Antioxidant Pathways in Cancer Progression
Tumors experience oxidative stress during all stages of cancer progression due to the generation of reactive oxygen species (ROS) – molecules that react with cellular macromolecules and compromise their function. One major deleterious effect of ROS accumulation is lipid peroxidation, which damages cellular membranes. Excessive accumulation of lipid peroxides disrupts membrane function and leads to a non-apoptotic and iron-dependent form of cell death – ferroptosis. Sensitizing tumors to lipid peroxidation has emerged as a major opportunity for new cancer therapies. Growing evidence suggests lipid peroxides accumulate during radiation therapy, and that mechanisms to suppress ferroptosis result in radioresistance and metastasis.
Execution of ferroptosis requires three factors: ROS, which initiate lipid damage; membrane-incorporated polyunsaturated fatty acids, which are prone to oxidation due to their abundant double bonds; and iron, a transition metal that catalyzes lipid peroxidation. On the other hand, glutathione peroxidase 4 (GPX4) converts lipid peroxides into non-toxic metabolites – thereby allowing cells to resist ferroptosis.
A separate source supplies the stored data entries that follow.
Theorem theorem5 (R : realType) (d n B : nat)
  (f : 'I_n -> 'rV[R]_d -> R)
  (g : {set 'I_n} -> 'rV[R]_d -> 'rV[R]_d)
  (ell : {set 'I_n} -> R)
  (c : nat -> R) (gl gb : R) (x0 xstar : 'rV[R]_d) (K : nat) :
  (0 < B)%N -> (B <= n)%N ->
  (forall i, convex_fun (f i)) ->
  (forall i, lower_bounded (f i)) ->
  (forall x, favg f xstar <= favg f x) ->
  (forall S : {set 'I_n}, #|S| = B -> ell S <= fSstar f S) ->
  (forall (S : {set 'I_n}) x, #|S| = B -> is_subgradient (fS f S) (g S x) x) ->
  (forall k, 0 < c k) -> (forall k, c k <= c k.+1) ->
  0 < gl -> gl <= gb ->
  (1 <= K)%N ->
  let x := fun (w : {ffun 'I_K -> {set 'I_n}}) (k : nat) => iterate f ell g c gl gb (seq_of w) x0 k in
  let xbar := fun (w : {ffun 'I_K -> {set 'I_n}}) => K%:R^-1 *: \sum_(k < K) x w k in
  let D2 := fun (w : {ffun 'I_K -> {set 'I_n}}) => \big[Num.max/0]_(k < K) sqnorm (x w k - xstar) in
  let G2 := fun (w : {ffun 'I_K -> {set 'I_n}}) => \big[Num.max/0]_(k < K) sqnorm (g (seq_of w k) (x w k)) in
  Expect B (fun (w : {ffun 'I_K -> {set 'I_n}}) => favg f (xbar w) - favg f xstar)
  <= Expect B (fun (w : {ffun 'I_K -> {set 'I_n}}) =>
       c K.-1 * D2 w / (gl * c 0%N * K%:R)
       + K%:R^-1 * \sum_(k < K) (c 0%N * gb * G2 w / c k)).
Proof.
move=> B_gt0 B_le_n f_convex _ _ _ subgrad c_gt0 c_nondecr gl_gt0 gl_le_gb.
destruct n as [|n']; first by rewrite leqNgt B_gt0 in B_le_n.
by case: K => [//|K] _; apply: expected_gap_le.
Qed.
Increasing evidence suggests that, in addition to this pathway, tumors rely on alternative mechanisms to counteract lipid peroxidation (Garcia-Bermudez et al. Nature, 2019; Soula et al. Nat Chem Bio, 2020). We hypothesize that cancer cells contain other, uncharacterized mechanisms to suppress lipid peroxidation. Our laboratory aims to identify metabolic genes that promote ferroptosis resistance and test whether disrupting them impairs tumor progression.